TRY IT: The line bearing "O => [Leaf]", together with all lines after it to the end of the material, should be repeated exactly; leave out everything else.

AVAILABLE DATA:
(* For every integer $k\ge 0$, as $n\to\infty$, \[ \left\langle\left(S_{2,n}-\frac{n}{4}\right)^k\right\rangle\sim\frac{k!}{2^{\lfloor (k+1)/2\rfloor}\,\lfloor k/2\rfloor!\,4^k}\,n^{\lfloor k/2\rfloor}. \] Equivalently, for every integer $s\ge 0$, \[ \left\langle\left(S_{2,n}-\frac{n}{4}\right)^{2s}\right\rangle\sim\frac{(2s-1)!!}{4^{2s}}n^s,\qquad \left\langle\left(S_{2,n}-\frac{n}{4}\right)^{2s+1}\right\rangle\sim\frac{(2s+1)!!}{2\cdot 4^{2s+1}}n^s. \]
   Context: For $n\ge 1$, let $\Omega_n$ be the set of rooted plane (ordered) full binary trees with $n$ leaves (every internal node has exactly two children, left and right distinguished). The random model is $\Omega_n$ with the uniform probability measure $P_n$; $\langle\cdot\rangle$ denotes expectation with respect to $P_n$. Horton–Strahler ordering: every leaf has order 1; an internal node whose two children have different orders $r_1\neq r_2$ has order $\max\{r_1,r_2\}$; an internal node whose two children both have order $r$ has order $r+1$. A branch of order $r$ is a maximal connected path consisting of nodes all of order $r$. $S_{2,n}(\tau)$ is the number of branches of order $2$ in $\tau\in\Omega_n$. For sequences, $a_n\sim b_n$ means $\lim_{n\to\infty}a_n/b_n=1$. Convention: $(-1)!!=1$. *)

From Stdlib Require Import Reals Lra Lia Arith List.
From Coquelicot Require Import Coquelicot.
Import ListNotations.
Open Scope R_scope.

Inductive tree : Type :=
| Leaf : tree
| Node : tree -> tree -> tree.

Fixpoint leaves (t : tree) : nat :=
  match t with
  | Leaf => 1%nat
  | Node l r => (leaves l + leaves r)%nat
  end.

(* gen fuel n: all trees with exactly n leaves, provided fuel >= n
   (a tree with n >= 2 leaves splits as Node l r with leaves l = i,
   leaves r = n - i, 1 <= i <= n-1). *)
Fixpoint gen (fuel n : nat) : list tree :=
  match fuel with
  | O => []
  | S f =>
      match n with
      | O => []
      | S O => [Leaf]
      | _ => flat_map (fun i => flat_map (fun l => map (fun r => Node l r)
                                                   (gen f (n - i)))
                                       (gen f i))
                      (seq 1 (n - 1))
      end
  end.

SOLVED EXERCISE:
      | S O => [Leaf]
      | _ => flat_map (fun i => flat_map (fun l => map (fun r => Node l r)
                                                   (gen f (n - i)))
                                       (gen f i))
                      (seq 1 (n - 1))
      end
  end.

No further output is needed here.